# Task requirements:
From the line with "apply: le_measure; rewrite ?inE //." through the line with "Context (R : realType).", repeat the entries verbatim, both end lines included, and add nothing.

# Saved entries:

Lemma countable_partition_set1 T (S : set T) : countable S ->
  exists F : (set T)^nat, [/\ trivIset setT F,
    forall n, F n = set0 \/ (exists x, F n = [set x]) & \bigcup_n F n = S].
Proof.
move=> /countable_injP[g ginj].
exists (fun n => S `&` g @^-1` [set n]); split.
- apply/trivIsetP => i j _ _ ij; apply/seteqP; split => // x [[_ gi] [_ gj]].
  by move: ij; rewrite -gi -gj eqxx.
- move=> n; have [[x [Sx gx]]|Fn0] := pselect (exists x, (S `&` g @^-1` [set n]) x).
    right; exists x; apply/seteqP; split => [y [Sy gy]|y ->] //=.
    by apply: ginj; rewrite ?inE // gx gy.
  by left; apply/seteqP; split => // x Fx; apply: Fn0; exists x.
- by apply/seteqP; split => [x [n _ []]|x Sx] //; exists (g x).
Qed.

Section integral_gt0.
Local Open Scope ereal_scope.
Context d (T : measurableType d) (R : realType) (mu : {measure set T -> \bar R}).

Lemma integral_gt0 (f : T -> R) : measurable_fun setT f ->
  (forall x, 0 < f x)%R -> 0 < mu setT -> 0 < \int[mu]_x (f x)%:E.
Proof.
move=> mf f_gt0 muT_gt0.
rewrite lt0e integral_ge0 ?andbT; last by move=> x _; rewrite lee_fin ltW.
apply/negP => /eqP int0.
have mEf : measurable_fun setT (EFin \o f) by exact/measurable_EFinP.
have /(ae_eq_integral_abs _ measurableT mEf) [N [mN muN0 fN]] :
    \int[mu]_x `|(f x)%:E| = 0.
  by rewrite -int0; apply: eq_integral => x _; rewrite gee0_abs // lee_fin ltW.
suff : mu setT <= mu N by rewrite muN0 leNgt muT_gt0.
apply: le_measure; rewrite ?inE //.
by move=> x _; apply: fN => /(_ I) [] /eqP; rewrite gt_eqF.
Qed.

End integral_gt0.

Section ge0_integral_bigcup_le.
Local Open Scope ereal_scope.
Context d (T : measurableType d) (R : realType) (mu : {measure set T -> \bar R}).

Lemma ge0_integral_bigcup_le (F G : (set T)^nat) (h : T -> \bar R) (a : R) :
  (forall n, measurable (F n)) -> (forall n, measurable (G n)) ->
  trivIset setT F -> trivIset setT G ->
  measurable_fun (\bigcup_n F n) h -> (forall x, 0 <= h x) -> (0 <= a)%R ->
  (forall n, \int[mu]_(x in F n) h x <= a%:E * mu (G n)) ->
  \int[mu]_(x in \bigcup_n F n) h x <= a%:E * mu (\bigcup_n G n).
Proof.
move=> mF mG tF tG mh h0 a0 hFG.
rewrite ge0_integral_bigcup // measure_bigcup //= -nneseriesZl //.
rewrite [leRHS](@eq_eseriesl _ _ (fun=> true)); last by move=> n; rewrite in_setT.
by apply: lee_nneseries => [n _ _|n _]; [exact: integral_ge0 | exact: hFG].
Qed.

End ge0_integral_bigcup_le.

Section lebesgue_measure_translate.
Context (R : realType).
Local Notation lambda := (@lebesgue_measure R).

(* Typed on measurableTypeR R so that pushing Lebesgue measure forward along
   it yields a measure on the space of lebesgue_measure_unique. *)
Definition translate (a : R) (x : measurableTypeR R) : measurableTypeR R := x + a.

Lemma measurable_translate (a : R) : measurable_fun setT (translate a).
Proof. exact: measurable_funD. Qed.

HB.instance Definition _ (a : R) :=
  isMeasurableFun.Build _ _ _ _ (translate a) (measurable_translate a).

Lemma lebesgue_measure_translate (a : R) (A : set R) : measurable A ->
  lambda (translate a @^-1` A) = lambda A.
Proof.
move=> mA; change (pushforward lambda (translate a) A = lambda A).
apply/esym/lebesgue_measure_unique => // _ [[l r]] _ <- /=.
transitivity (lambda (translate a @^-1` `]l, r]%classic)) => //.
have -> : translate a @^-1` `]l, r]%classic = `]l - a, r - a]%classic.
  by apply/seteqP; split => x /=; rewrite !in_itv /= ltrBlDr lerBrDr.
rewrite !lebesgue_measure_itv /= !lte_fin ltrD2r -!EFinD.
by rewrite opprD addrACA subrr addr0.
Qed.

Lemma ge0_lebesgue_integral_translate (a : R) (f : R -> \bar R) (E : set R) :
  measurable E -> measurable_fun E f -> (forall x, E x -> 0 <= f x)%E ->
  (\int[lambda]_(x in translate a @^-1` E) f (x + a)%R = \int[lambda]_(x in E) f x)%E.
Proof.
move=> mE mf f0.
rewrite -(ge0_integral_pushforward (measurable_translate a)) //; last first.
  by move=> x /set_mem; exact: f0.
by apply: eq_measure_integral => A mA _; exact: lebesgue_measure_translate.
Qed.

End lebesgue_measure_translate.

Section integral_density.
Local Open Scope ereal_scope.
Context d (T : measurableType d) (R : realType).
Variables (nu : {finite_measure set T -> \bar R})
  (mu : {sigma_finite_measure set T -> \bar R}) (g : T -> R).
Hypotheses (mg : measurable_fun setT g)
  (nuE : forall A, measurable A -> nu A = \int[mu]_(x in A) (g x)%:E).
Lemma crossing_face C D i0 : is_region A C -> is_region A D -> C i0 != D i0 ->
  exists G, [/\ is_face A G, subface G C, exists i, G i = 0 &
                forall i, G i = 0 -> C i != D i].
Proof.
move=> rC rD sep_i0.
case: (rC) (rD) => [[x defC] C_neq0] [[y defD] D_neq0].
pose a i := (A *m x) i 0; pose b i := (A *m y) i 0.
have Ca i : C i = sgz (a i) by rewrite defC ffunE.
have Db i : D i = sgz (b i) by rewrite defD ffunE.
have [||| p [q [[j zj] cross]]] := @exists_first_crossing _ _ a b i0.
- by move=> i; rewrite -sgz_eq0 -Ca.
- by move=> i; rewrite -sgz_eq0 -Db.
- by rewrite -Ca -Db eq_sym.
have Az i : (A *m (p *: x + q *: y)) i 0 = p * a i + q * b i.
  by rewrite /a /b mulmxDr -!scalemxAr !mxE.
exists (sgv A (p *: x + q *: y)); split; first by eexists.
- move=> i; rewrite ffunE Az Ca.
  by case: (cross i) => [->|[-> _]]; [right|left; apply: sgz0].
- by exists j; rewrite ffunE Az zj sgz0.
- move=> i; rewrite ffunE Az Ca Db eq_sym; case: (cross i) => [-> /eqP|[_ ->]] //.
  by rewrite -Ca (negbTE (C_neq0 i)).
Qed.

End Faces.

Section Descent.
Variables (R : realType) (m n : nat) (A : 'M[R]_(m, n)).
Variables (B : signseq m) (Delta : signseq m -> Prop).
Hypotheses (regB : is_region A B) (subDelta : subcomplex A Delta).
Implicit Types C D F G M : signseq m.

Lemma Des_sub F : Des A B Delta F -> Delta F.
Proof. by case=> fF /subDelta.2; apply => //; apply: subface_tits. Qed.

Section TitsClosed.
Hypothesis DeltaT : forall F, Delta F -> Delta (tits F (opp_face B)).

Lemma maximal_region M : maximal_in Delta M -> is_region A M.
Proof.
case=> DM maxM; have <- := maxM _ (DeltaT DM) (subface_tits _ _).
exact/region_tits_opp/subDelta.1.
Qed.

Lemma gallery_step C D i0 :
  Delta C -> is_region A C -> is_region A D -> weak_le B C D -> C i0 != D i0 ->
  exists C', [/\ Delta C', is_region A C', weak_le B C' D &
                 (#|separating C' D| < #|separating C D|)%N].
Proof.
move=> DC rC rD leCD sep_i0.
have [G [fG sGC [j Gj0] G0_sep]] := crossing_face rC rD sep_i0.
have D_opp i : G i = 0 -> D i = - B i.
  move/G0_sep => neCD; have [eqBC|/leCD] := eqVneq (B i) (C i).
    by rewrite eqBC (region_neq rC rD neCD).
  exact: region_neq regB rD.
pose C' := tits G (opp_face B).
have C'E i : C' i = if G i == 0 then D i else C i.
  rewrite !ffunE; have [Gi0|Gi_neq0] := eqVneq (G i) 0; first by rewrite /= D_opp.
  by case: (sGC i) => // Gi0; rewrite Gi0 eqxx in Gi_neq0.
exists C'; split.
- exact/DeltaT/(subDelta.2 _ _ DC fG sGC).
- exact: region_tits_opp regB fG.
- by move=> i; rewrite C'E; case: ifP => // _; apply: leCD.
- apply/proper_card/properP; split.
    by apply/subsetP => i; rewrite /separating !inE C'E; case: ifP; rewrite ?eqxx.
  exists j; rewrite /separating !inE; first exact: G0_sep.
  by rewrite C'E Gj0 eqxx negbK.
Qed.

Lemma gallery C D :
  Delta C -> is_region A C -> is_region A D -> weak_le B C D -> Delta D.
Proof.
move Ek : #|separating C D| => k; elim/ltn_ind: k C Ek => k IH C Ek DC rC rD leCD.
case: (set_0Vmem (separating C D)) => [sep0 | [i0]]; last first.
  rewrite inE => /(gallery_step DC rC rD leCD) [C' [DC' rC' leC'D]].
  by rewrite Ek => /IH; apply.
suff -> : D = C by [].
by apply/ffunP => i; have := in_set0 i; rewrite -sep0 inE => /negbFE /eqP.
Qed.

End TitsClosed.

Lemma pure_maximal_region C0 M : (forall i, row i A != 0) ->
  pure A Delta -> regs A Delta C0 -> maximal_in Delta M -> is_region A M.
Proof.
move=> rows_neq0 pureD [DC0 rC0] maxM.
have maxC0 : maximal_in Delta C0 by split => // G _; exact: region_maximal rC0.
apply: region_of_face_dim => //; first exact: subDelta.1 maxM.1.
by rewrite (pureD _ _ maxM maxC0) face_dim_region.
Qed.

End Descent.

Theorem lemma3p4 (R : realType) (m n : nat) (A : 'M[R]_(m, n))
    (B : signseq m) (Delta : signseq m -> Prop) :
  is_arrangement A ->
  is_region A B ->
  subcomplex A Delta ->
  (exists F, Delta F) ->
  ((forall F, Des A B Delta F <-> Delta F) <->
   (pure A Delta /\ (exists C, regs A Delta C) /\ upper_set A B (regs A Delta))).
Proof.
move=> [rows_neq0 _] regB subDelta [F0 DF0].
split => [DesE | [pureD [[C0 regsC0] upD]] F].
- have DeltaT F : Delta F -> Delta (tits F (opp_face B)) by case/DesE.
  have maxreg := maximal_region regB subDelta DeltaT.
  split; [|split].
  + by move=> F G /maxreg/face_dim_region -> /maxreg/face_dim_region ->.
  + exists (tits F0 (opp_face B)); split; first exact: DeltaT.
    exact/region_tits_opp/subDelta.1.
  + move=> C D [DC rC] rD leCD; split => //.
    exact: (gallery regB subDelta DeltaT DC rC rD leCD).
- split; first exact: (Des_sub subDelta).
  move=> DF; have fF := subDelta.1 _ DF; split => //.
  have [M maxM sFM] := exists_maximal DF.
  have rM := pure_maximal_region subDelta rows_neq0 pureD regsC0 maxM.
  have leMT : weak_le B M (tits F (opp_face B)) by apply: weak_le_tits_opp => //; case: regB.
  by case: (upD M _ (conj maxM.1 rM) (region_tits_opp regB fF) leMT).
Qed.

# Problem solution:
apply: le_measure; rewrite ?inE //.
by move=> x _; apply: fN => /(_ I) [] /eqP; rewrite gt_eqF.
Qed.

End integral_gt0.

Section ge0_integral_bigcup_le.
Local Open Scope ereal_scope.
Context d (T : measurableType d) (R : realType) (mu : {measure set T -> \bar R}).

Lemma ge0_integral_bigcup_le (F G : (set T)^nat) (h : T -> \bar R) (a : R) :
  (forall n, measurable (F n)) -> (forall n, measurable (G n)) ->
  trivIset setT F -> trivIset setT G ->
  measurable_fun (\bigcup_n F n) h -> (forall x, 0 <= h x) -> (0 <= a)%R ->
  (forall n, \int[mu]_(x in F n) h x <= a%:E * mu (G n)) ->
  \int[mu]_(x in \bigcup_n F n) h x <= a%:E * mu (\bigcup_n G n).
Proof.
move=> mF mG tF tG mh h0 a0 hFG.
rewrite ge0_integral_bigcup // measure_bigcup //= -nneseriesZl //.
rewrite [leRHS](@eq_eseriesl _ _ (fun=> true)); last by move=> n; rewrite in_setT.
by apply: lee_nneseries => [n _ _|n _]; [exact: integral_ge0 | exact: hFG].
Qed.

End ge0_integral_bigcup_le.

Section lebesgue_measure_translate.
Context (R : realType).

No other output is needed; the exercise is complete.